Serious Young Insects had formed in 1980 with Peter Farnan on vocals and guitar, Michael Vallance on vocals and bass guitar and Mark White on vocals and drums. Australian musicologist Ian McFarlane described Serious Young Insects as a "quirky, three-piece Melbourne new wave band". They issued an album, Housebreaking (May 1982), and three singles. Lisa Perry of The Canberra Times praised the album: "several times I had to check the cover to see if there were not also some session musos or others contributing to the sounds I was hearing. For a three-piece combo, these lads sure make a good sound". Pleasance, a classically trained guitarist, was a fan and briefly joined the group before it broke up in the following year.

In September 1985 three Australian journalists, Paul Gardiner, Jane Gardiner and Toby Creswell, listed twelve groups as The Next Big Thing, with Boom Crash Opera described as "[o]ne name that stands out ... a Melbourne band that has every A-and-R man and his dog salivating. There are some other bands which, if not attracting the same sort of frenetic endorsement, are nevertheless on the minds of the scouts".

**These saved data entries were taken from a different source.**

(* Let $F:(M_1(c),g_1)\to(M_2,g_2)$ be a Riemannian submersion from a complex space form with $\dim M_1=n=2k$ onto a Riemannian manifold with $\dim M_2=m$ and fibre dimension $r=\dim\mathcal V_p>2$. Let $p\in M_1$, $\Pi\subset\mathcal V_p$ a $2$-plane, $\{V_1,\dots,V_r\}$ an orthonormal basis of $\mathcal V_p$ with $\Pi=\mathrm{span}\{V_1,V_2\}$, and $\{h_1,\dots,h_s\}$ an orthonormal basis of $\mathcal H_p$. Then $$\tau^{\ker F_*}_{\mathcal V}(p)-K^{\ker F_*}_{\mathcal V}(\Pi)\ge\frac12\Big\{\frac c4(r^2-r-2)+\frac{3c}4\big(\|Q\|^2-2\,g_1(V_1,QV_2)^2\big)-\frac{r^2(r-2)}{r-1}\|H\|^2\Big\},$$ with equality if and only if Condition (E) holds at $p$ for $\Pi$.
   Context: A complex space form $M_1(c)$ is a Kähler manifold $(M_1,J,g_1)$ ($\nabla J=0$) of constant holomorphic sectional curvature $c$, whose curvature is $R(Z_1,Z_2)Z_3=\frac c4\{g_1(Z_2,Z_3)Z_1-g_1(Z_1,Z_3)Z_2\}+\frac c4\{g_1(Z_1,JZ_3)JZ_2-g_1(Z_2,JZ_3)JZ_1+2g_1(Z_1,JZ_2)JZ_3\}$. For a tangent vector $Z$ write $JZ=PZ+QZ$ with $PZ\in\mathcal H$, $QZ\in\mathcal V$, and $\|Q\|^2=\sum_{i,j=1}^r g_1(QV_i,V_j)^2$. Let $(M_1,g_1)$, $(M_2,g_2)$ be Riemannian manifolds, $\dim M_1=n$, $\dim M_2=m$, and $F:M_1\to M_2$ a Riemannian submersion (a surjective smooth map whose differential $F_{*p}$ is surjective at every $p$ and preserves the length of horizontal vectors). Write $\mathcal V=\ker F_*$ (vertical distribution), $\mathcal H=(\ker F_* )^\perp$ (horizontal distribution), $r=\dim\mathcal V_p=n-m$, $s=\dim\mathcal H_p=m$; $v,h$ denote the orthogonal projections onto $\mathcal V,\mathcal H$, and $\nabla$ the Levi-Civita connection of $g_1$. O'Neill's tensor: $\mathcal T_EF=h\nabla_{vE}vF+v\nabla_{vE}hF$. Curvature convention: $R^{M_1}(X,Y,Z,W)=g_1(R^{M_1}(X,Y)Z,W)$, normalized so that $R^{M_1}(X,Y,Y,X)$ is the sectional curvature of the plane spanned by orthonormal $X,Y$. The curvature $R^{\ker F_*}$ of the fibres is related to $R^{M_1}$ (as used in the paper) by: for vertical $F_1,\dots,F_4$, $R^{M_1}(F_1,F_2,F_3,F_4)=R^{\ker F_*}(F_1,F_2,F_3,F_4)+g_1(\mathcal T_{F_1}F_4,\mathcal T_{F_2}F_3)-g_1(\mathcal T_{F_2}F_4,\mathcal T_{F_1}F_3)$. With the chosen orthonormal bases at $p$: $(\mathcal T^{\mathcal H})^\ell_{ij}=g_1(\mathcal T_{V_i}V_j,h_\ell)$; the mean curvature vector of the fibres is $H=\frac1r\sum_{i=1}^r\mathcal T_{V_i}V_i$; $\tau^{\ker F_*}_{\mathcal V}(p)=\frac12\sum_{i,j=1}^rR^{\ker F_*}(V_i,V_j,V_j,V_i)$, $K^{\ker F_*}_{\mathcal V}(\Pi)=R^{\ker F_*}(V_1,V_2,V_2,V_1)$ for $\Pi=\mathrm{span}\{V_1,V_2\}$. Condition (E) at $p$ for $\Pi$: there exist orthonormal bases $\{V_1,\dots,V_r\}$ of $\mathcal V_p$ with $\Pi=\mathrm{span}\{V_1,V_2\}$ and $\{h_1,\dots,h_s\}$ of $\mathcal H_p$ with $h_1=H(p)/\|H(p)\|$ if $H(p)\neq0$ ($h_1$ arbitrary if $H(p)=0$), such that: $(\mathcal T^{\mathcal H})^\ell_{1j}=(\mathcal T^{\mathcal H})^\ell_{2j}=0$ for $j>2$, $\ell=1,\dots,s$; $(\mathcal T^{\mathcal H})^1_{ij}=0$ for $i\ne j$, $i,j>2$; $(\mathcal T^{\mathcal H})^\ell_{ij}=0$ for $i,j>2$, $\ell=2,\dots,s$; $(\mathcal T^{\mathcal H})^\ell_{11}+(\mathcal T^{\mathcal H})^\ell_{22}=0$ for $\ell=2,\dots,s$; and $(\mathcal T^{\mathcal H})^1_{11}+(\mathcal T^{\mathcal H})^1_{22}=(\mathcal T^{\mathcal H})^1_{33}=\cdots=(\mathcal T^{\mathcal H})^1_{rr}$. *)

From HB Require Import structures.
From mathcomp Require Import all_boot all_order all_algebra.
From mathcomp Require Import reals.
Set Implicit Arguments. Unset Strict Implicit. Unset Printing Implicit Defensive.
Import Order.TTheory GRing.Theory Num.Theory.
Local Open Scope ring_scope.

(* Pointwise model: the tangent space T_p M_1 is 'rV[R]_n with the standard
   inner product g_1(u,v) = u v^T; a tangent endomorphism A acts by u |-> u *m A. *)
Definition gdot (R : ringType) (n : nat) (u v : 'rV[R]_n) : R := (u *m v^T) 0 0.

Definition RM (R : realType) (n : nat) (c : R) (J : 'M[R]_n)
  (X Y Z W : 'rV[R]_n) : R :=
  gdot (c / 4 *: (gdot Y Z *: X - gdot X Z *: Y)
        + c / 4 *: (gdot X (Z *m J) *: (Y *m J) - gdot Y (Z *m J) *: (X *m J)
                    + (2 * gdot X (Y *m J)) *: (Z *m J))) W.

(* Curvature of the fibres, through the Gauss-type equation of the paper:
   R^{M_1}(F1,F2,F3,F4) = R^{ker}(F1,F2,F3,F4) + g(T_{F1}F4, T_{F2}F3) - g(T_{F2}F4, T_{F1}F3). *)
Definition Rker (R : realType) (n : nat) (c : R) (J : 'M[R]_n)
  (T : 'rV[R]_n -> 'rV[R]_n -> 'rV[R]_n) (X Y Z W : 'rV[R]_n) : R :=
  RM c J X Y Z W - gdot (T X W) (T Y Z) + gdot (T Y W) (T X Z).

(* Bases are indexed by nat; only the indices 0..r-1 (resp. 0..s-1) matter.
   Index 0 is the paper's V_1, index 1 is V_2, etc. *)
Definition orthonormal (R : realType) (n r : nat) (V : nat -> 'rV[R]_n) : Prop :=
  forall i j, (i < r)%N -> (j < r)%N -> gdot (V i) (V j) = (i == j)%:R.

(* {V_0..V_{r-1}} orthonormal basis of the vertical space (row space of Vsp, of rank r). *)
Definition isVbasis (R : realType) (n : nat) (Vsp : 'M[R]_n) (r : nat)
  (V : nat -> 'rV[R]_n) : Prop :=
  orthonormal r V /\ (forall i, (i < r)%N -> (V i <= Vsp)%MS).

Definition horizontal (R : realType) (n : nat) (Vsp : 'M[R]_n) (u : 'rV[R]_n) : Prop :=
  u *m Vsp^T = 0.

Definition isHbasis (R : realType) (n : nat) (Vsp : 'M[R]_n) (s : nat)
  (h : nat -> 'rV[R]_n) : Prop :=
  orthonormal s h /\ (forall l, (l < s)%N -> horizontal Vsp (h l)).

Definition meanCurv (R : realType) (n : nat) (T : 'rV[R]_n -> 'rV[R]_n -> 'rV[R]_n)
  (r : nat) (V : nat -> 'rV[R]_n) : 'rV[R]_n :=
  (r%:R)^-1 *: \sum_(i < r) T (V i) (V i).

Definition normsq (R : realType) (n : nat) (u : 'rV[R]_n) : R := gdot u u.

Farnan described his bandmates, other than Pleasance, to The Canberra Times Pollyanna Sutton in May 1986 "[t]he others are sort of from nowhere ... Drummer Peter "Maz" Maslen, has and still does a lot of recording sessions, in early 1984 he met Richard in this avante-garde band called One Hand Clapping, then played together with Venetta Fields in the time just before Boom Crash Opera. Dale came out of the blue, he has done some singing with bands but never had a serious crack at it until now."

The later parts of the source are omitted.